Fileless malware variants such as Frodo and The Dark Avenger hide inside the memory of applications, according to threat researchers at Fortinet. The applications used are often essential to business processes and can have higher-level permissions. Once the malware has gained access it executes code from the memory, not from within an app. A second form of fileless attack uses the Windows registry to execute commands avoiding detection by having a Windows process carry out the attack.

Woodin said what is encouraging about using VMware to defend against these intrusions is that most users already have the infrastructure they need to run VMware ransomware recovery. That should make the overall environment tougher for criminals.

“It’s embedded in VMware infrastructure that hundreds of thousands of customers are using,” Woodin said. “Now they can easily start to adopt these new ransomware recovery solutions within the infrastructure, and the tools they already have.”

VMware said it uses behavioral analysis of powered-on virtual machines in cloud-based isolated recovery environments, which has been shown to resolve unplanned downtime as much as 75 percent faster.

Raghuram said VMware has been working on this since it acquired Datrium in 2020. The company was founded in 2012 and partnered with VMware in offering end-to-end disaster recovery for workloads in VMware Cloud on AWS. Datrium focused on reducing the cost and complexity of disaster recovery.
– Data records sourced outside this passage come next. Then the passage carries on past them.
Lemma Eunif_data_prefix_le m (j : nat) :
  Eunif (fun p : {perm 'I_N} => sqnorm (\sum_(k < N | (k < j)%N) grad (F m (p k)) xs)) <=
  (\sum_k sqnorm (grad (F m k) xs)) / 2 + N%:R ^+ 2 * sqnorm (g m).
Proof.
have := Eunif_sqnorm_perm_subset_le (fun k => grad (F m k) xs) (fun k : 'I_N => (k < j)%N).
by rewrite sum_grad_data sqnormZ.
Qed.

Hypotheses (gamma_gt0 : 0 < gamma) (eta_gt0 : 0 < eta).

Lemma sigt2_ge0 : 0 <= sigt2 F xs.
Proof. by rewrite mulr_ge0 ?sumr_ge0 // => m _; apply: sqnorm_ge0. Qed.

Lemma Eunif_prefix_grad_sum_le r : (0 < M)%N ->
  Eunif (fun p : {perm 'I_M} => sqnorm (prefix_grad_sum p r)) <= M%:R / 2 * sigt2 F xs.
Proof.
move=> M_gt0; rewrite [leRHS](_ : _ = (\sum_m sqnorm (g m)) / 2); last first.
  by rewrite /sigt2; field; rewrite !pnatr_eq0 -!lt0n andbC -muln_gt0.
have := Eunif_sqnorm_perm_subset_le (fun m => g m) (fun i : 'I_M => (i < r * C)%N).
by rewrite sum_grad_fm_eq0 sqnorm0 addr0.
Qed.

Lemma Eunif_client_data_prefix_le (i : 'I_M) (j : nat) : (0 < N)%N ->
  Eunif (fun w : Omega N C R =>
    sqnorm (\sum_(k < N | (k < j)%N) grad (F (w.1 i) (w.2 (w.1 i) k)) xs)) <=
  N%:R / 2 * sigs2 F xs + N%:R ^+ 2 * sigt2 F xs.
Proof.
move=> N_gt0; have /andP[C_gt0 R_gt0] : (0 < C)%N && (0 < R)%N.
  by rewrite -muln_gt0; apply: leq_ltn_trans (ltn_ord i).
rewrite Eunif_pair; apply: le_trans (ler_Eunif (fun p => _ : _ <= _)) _.
  move=> p; have /= -> := Eunif_ffun_eval
    (fun q : {perm 'I_N} => sqnorm (\sum_(k < N | (k < j)%N) grad (F (p i) (q k)) xs)) (p i).
  exact: Eunif_data_prefix_le.
have /= -> := Eunif_perm_eval
  (fun m => (\sum_k sqnorm (grad (F m k) xs)) / 2 + N%:R ^+ 2 * sqnorm (g m)) i.
rewrite big_split /= -mulr_suml -mulr_sumr /sigs2 /sigt2.
rewrite le_eqVlt; apply/orP; left; apply/eqP; field.
by rewrite !pnatr_eq0 -!lt0n R_gt0 C_gt0 N_gt0.
Qed.

Lemma bregman_data_star_le w (r : 'I_R) (s : 'I_C) (j : 'I_N) :
  let m := cohort w r s in
  bregman (F m (dperm w m j)) (x_inner F xs gamma w (x_round F xs gamma w r) m j) xs <=
  L * (gamma * N%:R / C%:R) ^+ 2 * sqnorm (prefix_grad_sum w.1 r) +
  L * gamma ^+ 2 * sqnorm (\sum_(k < N | (k < j)%N) grad (F m (dperm w m k)) xs).
Proof.
have C_gt0 : (0 < C)%N by apply: leq_ltn_trans (ltn_ord s).
apply: le_trans (bregman_le_sqnorm _ _ (F_smooth _ _)) _.
rewrite /x_inner x_round_closed ?(ltnW (ltn_ord r)) //.
rewrite addrC !addrA addNr add0r -opprD sqnormN.
have L2_ge0 : 0 <= L / 2 by rewrite divr_ge0.
apply: le_trans (ler_wpM2l L2_ge0 (sqnormD_le _ _)) _.
by rewrite !sqnormZ; lra.
Qed.

Lemma sigmaDS_bound (r : 'I_R) (s : 'I_C) (j : 'I_N) :
  sigmaDS F xs gamma r s j <=
    L * ((C * R)%:R * (N ^ 2)%:R / (2 * (C ^ 2)%:R) + 2 * (N ^ 2)%:R) * sigt2 F xs
    + L * N%:R / 2 * sigs2 F xs.
Proof.
have C_gt0 : (0 < C)%N by apply: leq_ltn_trans (ltn_ord s).
have N_gt0 : (0 < N)%N by apply: leq_ltn_trans (ltn_ord j).
have M_gt0 : (0 < M)%N by apply: leq_ltn_trans (ltn_ord (slot r s)).
have pointwise w := bregman_data_star_le w r s j.
rewrite /sigmaDS; apply: le_trans (ler_wpM2l _ (ler_Eunif pointwise)) _.
  by rewrite invr_ge0 sqr_ge0.
rewrite EunifD !EunifZ (Eunif_fst (fun p => sqnorm (prefix_grad_sum p r))); last first.
  by apply/card_gt0P; exists [ffun=> 1%g].
set ES := Eunif (fun p : {perm 'I_M} => sqnorm (prefix_grad_sum p r)).
set ET := Eunif _.
have ES_le : ES <= M%:R / 2 * sigt2 F xs := Eunif_prefix_grad_sum_le r M_gt0.
have ET_le : ET <= N%:R / 2 * sigs2 F xs + N%:R ^+ 2 * sigt2 F xs.
  exact: Eunif_client_data_prefix_le.
have -> : gamma ^- 2 * (L * (gamma * N%:R / C%:R) ^+ 2 * ES + L * gamma ^+ 2 * ET) =
    L * (N%:R / C%:R) ^+ 2 * ES + L * ET.
  by field; rewrite pnatr_eq0 -lt0n C_gt0 gt_eqF.
have -> : L * (M%:R * (N ^ 2)%:R / (2 * (C ^ 2)%:R) + 2 * (N ^ 2)%:R) * sigt2 F xs +
      L * N%:R / 2 * sigs2 F xs =
    L * (N%:R / C%:R) ^+ 2 * (M%:R / 2 * sigt2 F xs) +
    L * (N%:R / 2 * sigs2 F xs + N%:R ^+ 2 * sigt2 F xs) + L * N%:R ^+ 2 * sigt2 F xs.
  by rewrite !natrX; field; rewrite pnatr_eq0 -lt0n C_gt0.
have := ler_wpM2l (mulr_ge0 L_ge0 (sqr_ge0 (N%:R / C%:R))) ES_le.
have := ler_wpM2l L_ge0 ET_le.
have := mulr_ge0 (mulr_ge0 L_ge0 (sqr_ge0 (N%:R : K))) sigt2_ge0.
lra.
Qed.

Lemma sigmaCS_bound (m : 'I_M) (r : nat) : (r <= R)%N ->
  sigmaCS F xs eta m r <= L * (C * R)%:R / (2 * (C ^ 2)%:R) * sigt2 F xs.
Proof.
move=> r_le; have M_gt0 : (0 < M)%N by apply: leq_ltn_trans (ltn_ord m).
have C_gt0 : (0 < C)%N by move: M_gt0; rewrite muln_gt0 => /andP[].
have pointwise w : bregman (fm F m) (y_round F xs eta w r) xs <=
    L / 2 * (eta / C%:R) ^+ 2 * sqnorm (prefix_grad_sum w.1 r).
  apply: le_trans (bregman_fm_le m _) _.
  by rewrite y_round_closed // addrC addrA addNr add0r sqnormN sqnormZ mulrA.
rewrite /sigmaCS; apply: le_trans (ler_wpM2l _ (ler_Eunif pointwise)) _.
  by rewrite invr_ge0 sqr_ge0.
rewrite EunifZ (Eunif_fst (fun p => sqnorm (prefix_grad_sum p r))); last first.
  by apply/card_gt0P; exists [ffun=> 1%g].
set ES := Eunif (fun p : {perm 'I_M} => sqnorm (prefix_grad_sum p r)).
have ES_le : ES <= M%:R / 2 * sigt2 F xs := Eunif_prefix_grad_sum_le r M_gt0.
have -> : eta ^- 2 * (L / 2 * (eta / C%:R) ^+ 2 * ES) = L / (2 * C%:R ^+ 2) * ES.
  by field; rewrite pnatr_eq0 -lt0n C_gt0 gt_eqF.
have L2C_ge0 : 0 <= L / (2 * C%:R ^+ 2) by rewrite divr_ge0 ?mulr_ge0 ?sqr_ge0.
apply: le_trans (ler_wpM2l L2C_ge0 ES_le) _.
rewrite natrX [leRHS](_ : _ = 2 * (L / (2 * C%:R ^+ 2) * (M%:R / 2 * sigt2 F xs))).
  by rewrite ler_peMl ?ler1n // mulr_ge0 // mulr_ge0 ?sigt2_ge0 // divr_ge0.
by field; rewrite pnatr_eq0 -lt0n C_gt0.
Qed.

End StarSequences.

Theorem lemma4 (K : realType) (d N C R : nat)
  (F : 'I_(C * R) -> 'I_N -> 'rV[K]_d -> K) (L gamma eta : K) (xs : 'rV[K]_d)
  (hgamma : 0 < gamma) (heta : 0 < eta)
  (hsmooth : forall m j, Lsmooth L (F m j))
  (hmin : forall y, ftot F xs <= ftot F y) :
  (forall (r : 'I_R) (s : 'I_C) (j : 'I_N),
     sigmaDS F xs gamma r s j <=
       L * ((C * R)%:R * (N ^ 2)%:R / (2 * (C ^ 2)%:R) + 2 * (N ^ 2)%:R)
         * sigt2 F xs
       + L * N%:R / 2 * sigs2 F xs) /\
  (forall (m : 'I_(C * R)) (r : nat), (r <= R)%N ->
     sigmaCS F xs eta m r <= L * (C * R)%:R / (2 * (C ^ 2)%:R) * sigt2 F xs).
Proof.
have [L_ge0|L_lt0] := leP 0 L.
  by split=> [r s j|m r r_le]; [exact: sigmaDS_bound | exact: sigmaCS_bound].
(* a negative smoothness constant forces every vector to vanish, so the bounds
   for the constant 0 apply and both variances at x_* are 0 *)
have vanish m j := Lsmooth_neg_trivial (hsmooth m j) L_lt0.
have smooth0 m j := Lsmooth0_of_neg (hsmooth m j) L_lt0.
have sigt2_0 : sigt2 F xs = 0.
  rewrite /sigt2 big1 ?mulr0 // => m _.
  by rewrite (grad_fm hsmooth) big1 ?scaler0 ?sqnorm0 // => j _; apply: vanish.
have sigs2_0 : sigs2 F xs = 0.
  rewrite /sigs2 big1 ?mulr0 // => m _.
  by rewrite big1 // => j _; rewrite (vanish m j (grad (F m j) xs)) sqnorm0.
rewrite sigt2_0 sigs2_0 !mulr0 addr0; split=> [r s j|m r r_le].
  have := sigmaDS_bound smooth0 (lexx 0) hmin hgamma r s j.
  by rewrite sigt2_0 sigs2_0 !mulr0 addr0.
by have := sigmaCS_bound smooth0 (lexx 0) hmin heta m r_le; rewrite sigt2_0 mulr0.
Qed.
For Softchoice, which has to guard its data as well as its customers, fileless ransomware presents a unique challenge when it comes to protecting data that belongs to itself and its customers. He said this advancement from VMware is timely and welcome.

“We’ve been talking about ransomware for years,” Woodin said. “The reality is the way that ransomware attacks are occurring are completely different in 2023 than they were. VMware’s announcements are responding to the way these attacks are being launched today.”